I know this is a late comment on an old post. But I wanted to thank you for writing this. I’m Latina and my daughter will be 8 next week and she tried to shave her legs last night after sneaking my razor into her bathroom. When I asked her why she would want to remove the hair, she complained that she didn’t like the dark black hair on her legs and she didn’t want it anymore. It reminded me of my own mother when she would not let me shave until I was 16 and even then, she tried Nair (which we quickly learned that I was allergic to).

I’m still on the fence about letting my daughter remove the hair, but I’m glad that I am not the only parent that has had to face this.

Deborah Cruz 2020/09/15 - 12:41 am

Honestly, it wasn’t a big deal. As long as they are doing it for themselves ( meaning they aren’t doing it to please other kids) because who cares what other people think. I’m trying to raise strong girls who do things because they choose not because society says so.

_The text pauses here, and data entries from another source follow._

Lemma card_orthogonal_vectors_on x T :
  (3 * #|[set y in vectors_on T | tdot x y == 0%R]|
   = #|vectors_on T| * (if supp x \subset ~: T then 3 else 1))%N.
Proof.
case: ifPn => [xT | /subsetPn[k xk]]; last rewrite inE negbK => Tk.
  rewrite mulnC; congr (_ * _)%N; apply: eq_card => y; rewrite !inE andb_idr //.
  move=> yT; rewrite tdot_supp_disjoint //.
  by rewrite disjoints_subset (subset_trans xT) ?setCS.
rewrite muln1 card_ker_F3 //.
- exact: vectors_onD.
- exact: tdotDr.
by exists (delta_mx 0 k); rewrite ?tdot_delta -?mem_supp // inE supp_delta sub1set.
Qed.

Definition codewords C := [set c : 'rV[F3]_n | c \in C].
Definition code_on C T := [set c in codewords C | supp c \subset T].

Lemma card_code_orthogonal C y :
  (3 * #|[set c in codewords C | tdot c y == 0%R]|
   = #|codewords C| * (if in_dual C y then 3 else 1))%N.
Proof.
case: ifPn => [/forallP yC | /forallPn[c]]; last rewrite negb_imply => /andP[Cc yc].
  rewrite mulnC; congr (_ * _)%N; apply: eq_card => c; rewrite !inE andb_idr // tdotC.
  by move/implyP: (yC c).
rewrite muln1 card_ker_F3 //.
- by move=> u v; rewrite !inE; apply: memvD.
- by move=> u v; rewrite tdotC tdotDr !(tdotC y).
by exists c; rewrite ?inE // tdotC.
Qed.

I’ll tell you, my daughter is now 13 and while she does still shave her arms every few months ( because it makes her feel better to do so) she is not preoccupied with what others think and honestly, is a very confident young woman. I remember being embarrassed by the hair on my legs and it was hard because my dad wouldn’t let me shave my legs until I was 16 too. I remember wearing knee socks for my gym class freshman year because I was so embarrassed. Good luck mama, you’re doing your best. Just do whatever works for you and your girl and don’t worry about what anyone else says.